Проснувшись на рассвете, он увидел, что Лиза уже встала, оделась и душится за маленькими, хорошенькими, но слегка заостренными ушками. Он и не спрашивая знал, что через минуту-другую она отправится искать канатоходца, чтобы переправиться на виллу «Инкогнито». И хотя в этом не было ничего удивительного, собственное сердце показалось Дики железным пианино с колючей проволокой вместо струн и скорпионами вместо клавиш.

Те, кто его знал, могли бы спросить: в какую именно сторону текла мутная река его ревности? По направлению к Стаблфилду или к мадам Ко? Ибо суть в том, что этого мужчину он любил почти так же, как эту женщину. Стаблфилда он полюбил почти сразу, едва с ним познакомился.
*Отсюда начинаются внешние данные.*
Lemma common_boundary_angle_ahead a b p : common_boundary a -> common_boundary b ->
  H c p -> H c' p -> cross t b <= cross t p -> cross t p <= cross t a -> cross t b < cross t a ->
  0 <= dot t (vsub a p) -> 0 <= dot t (vsub b p) ->
  dot (vsub a p) (vsub b p) <= `|cross (vsub a p) (vsub b p)|.
Proof.
move=> [a0 _ a1 na1] [b0 _ b1 nb1] p0 p1 bp pa ba ua ub.
have [i ai] := boundary_edge_normal a1 na1; have [j bj] := boundary_edge_normal b1 nb1.
(* Edges of the shifted polygon through points of the original one face against [t]. *)
have shift n z : dot n (vsub z c) = dot n (vsub z c') + dot t n by rewrite /dot /vsub /=; ring.
have ti : dot t (edge_normal k th i) <= 0 by have := a0 i; rewrite shift ai; lra.
have tj : dot t (edge_normal k th j) <= 0 by have := b0 j; rewrite shift bj; lra.
have disk := halfplanes_disk k_ge4 r_gt0.
apply: (frame_angle_ge_pi4 t_neq0 (o := c') _ _ _ ti tj ai bj (p1 i) (p1 j) (b1 i) (a1 j)
  (disk _ _ _ a1) (disk _ _ _ b1) (disk _ _ _ p1) ua ub);
  rewrite ?apothem_gt0 ?edge_normal_unit // ?cross_vsubr; lra.
Qed.
Theorem proposition5p5 (n : nat) :
  exists s : list bracketing,
    NoDup s /\
    (forall t, In t s <-> (nleaves t = n.+2 /\ bval t = false)) /\
    length s = #|[pred t : n.-tuple 'I_4 | good_walk t]|.
Proof.
exists [seq t <- trees n.+2 | ~~ bval t]; split; last split.
- by apply: uniq_NoDup; rewrite filter_uniq // uniq_trees.
- move=> t; rewrite In_mem mem_filter mem_trees.
  by split => [/andP [/negbTE -> /eqP ->] | [-> ->]]; rewrite ?eqxx.
- rewrite length_size size_filter -/(nbrack0 n.+2) nbrack0_nwalks.
  exact: esym (card_walk_to n 1).
Qed.
(** A formal Z-linear combination  sum_j k_j a_j  is a list of pairs (k_j, a_j).
    The "sum relation" [s l b] means: the sum [l] is defined and equals [b]. *)
Definition sumrel (A : Type) := seq (int * A) -> A -> Prop.

Definition is_sesquiad (A : Type) (mul : A -> A -> A) (one zero : A)
    (s : sumrel A) : Prop :=
  [/\ (forall x y, mul x y = mul y x),
      (forall x y z, mul x (mul y z) = mul (mul x y) z),
      (forall x, mul one x = x),
      (forall x, mul zero x = zero) &
      exists (R : comPzRingType) (phi : A -> R),
        [/\ injective phi,
            (forall x y, phi (mul x y) = phi x * phi y),
            phi one = 1, phi zero = 0 &
            forall l b, s l b <-> \sum_(p <- l) (phi p.2 *~ p.1) = phi b]].

Record sesquiad := Sesquiad {
  sq_car :> Type;
  sq_mul : sq_car -> sq_car -> sq_car;
  sq_one : sq_car;
  sq_zero : sq_car;
  sq_sum : sumrel sq_car;
  sq_ax : is_sesquiad sq_mul sq_one sq_zero sq_sum }.

Definition is_morph_raw (A B : Type) (mulA : A -> A -> A) (oneA zeroA : A)
    (sA : sumrel A) (mulB : B -> B -> B) (oneB zeroB : B) (sB : sumrel B)
    (f : A -> B) : Prop :=
  [/\ (forall x y, f (mulA x y) = mulB (f x) (f y)),
      f oneA = oneB, f zeroA = zeroB &
      forall l b, sA l b -> sB [seq (p.1, f p.2) | p <- l] (f b)].

Definition is_sq_morph (A B : sesquiad) (f : A -> B) : Prop :=
  is_morph_raw (@sq_mul A) (sq_one A) (sq_zero A) (@sq_sum A)
               (@sq_mul B) (sq_one B) (sq_zero B) (@sq_sum B) f.

Definition rel (A : Type) := A -> A -> Prop.

(** The quotient A/C is
    represented (up to isomorphism) by a sesquiad Q with a surjective morphism
    pi : A -> Q whose kernel relation is exactly C. *)
Definition is_congruence (A : sesquiad) (C : rel A) : Prop :=
  exists (Q : sesquiad) (pi : A -> Q),
    [/\ is_sq_morph pi, (forall q : Q, exists a, pi a = q) &
        forall a b, C a b <-> pi a = pi b].

Definition generated_by (A : sesquiad) (C : rel A) (g : seq (A * A)) : Prop :=
  forall x y, C x y <->
    (forall E : rel A, is_congruence E ->
       (forall p, List.In p g -> E p.1 p.2) -> E x y).

Definition fg_congruence (A : sesquiad) (C : rel A) : Prop :=
  exists g : seq (A * A), generated_by C g.

Definition noetherian (A : sesquiad) : Prop :=
  forall C : rel A, is_congruence C -> fg_congruence C.

Definition acc_congruences (A : sesquiad) : Prop :=
  forall C : nat -> rel A,
    (forall n, is_congruence (C n)) ->
    (forall n x y, C n x y -> C n.+1 x y) ->
    exists N, forall n, (N <= n)%N -> forall x y, C n x y <-> C N x y.

(** The free monoid <T_1,...,T_n>: monomials (exponent vectors) plus 0 (None). *)
Definition free_car (n : nat) := option {ffun 'I_n -> nat}.
Definition free_mul (n : nat) (x y : free_car n) : free_car n :=
  match x, y with
  | Some m, Some m' => Some [ffun i => (m i + m' i)%N]
  | _, _ => None
  end.
Definition free_one (n : nat) : free_car n := Some [ffun => 0%N].
Definition free_zero (n : nat) : free_car n := None.
(** Its addition, induced by the embedding into Z[T_1,...,T_n]
    (monomial |-> monomial, 0 |-> 0): sum_j k_j a_j = b holds iff for every
    monomial m, the coefficient of m on both sides agrees. *)
Definition free_sum (n : nat) : sumrel (free_car n) :=
  fun l b => forall m : {ffun 'I_n -> nat},
    \sum_(p <- l | p.2 == Some m) p.1 = ((b == Some m) : nat)%:Z.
Встреча произошла в комнате отдыха офицеров на американской авиабазе, находившейся на самом южном острове Японии. По-видимому, настал момент вернуться немного назад – для того, чтобы бросить взгляд на калейдоскоп событий, которые привели Дики на авиабазу и настроили его таким образом, что майор Марс Альберт Стаблфилд произвел на него столь сильное впечатление. Лучше назвать это именно калейдоскопом, поскольку между событиями редко возникает линейная связь, как обычно полагают те, кто учит нас «истории», хотя в данном случае след взять довольно легко.

Как-то раз в начале осени Дики, второкурсник университета Северной Каролины, играл на студенческом пикнике на гитаре и пел народные песни. Он не то чтобы развлекал аудиторию, нет, просто сидел у костра, перебирал струны и тихонько мурлыкал себе под нос; впрочем, человек пять-шесть подсели к нему и даже подпевали. В какой-то момент, а именно после исполнения «On Top of Old Smoky», девушка, которой он прежде никогда не видел, вышла из тени и взяла его за руку.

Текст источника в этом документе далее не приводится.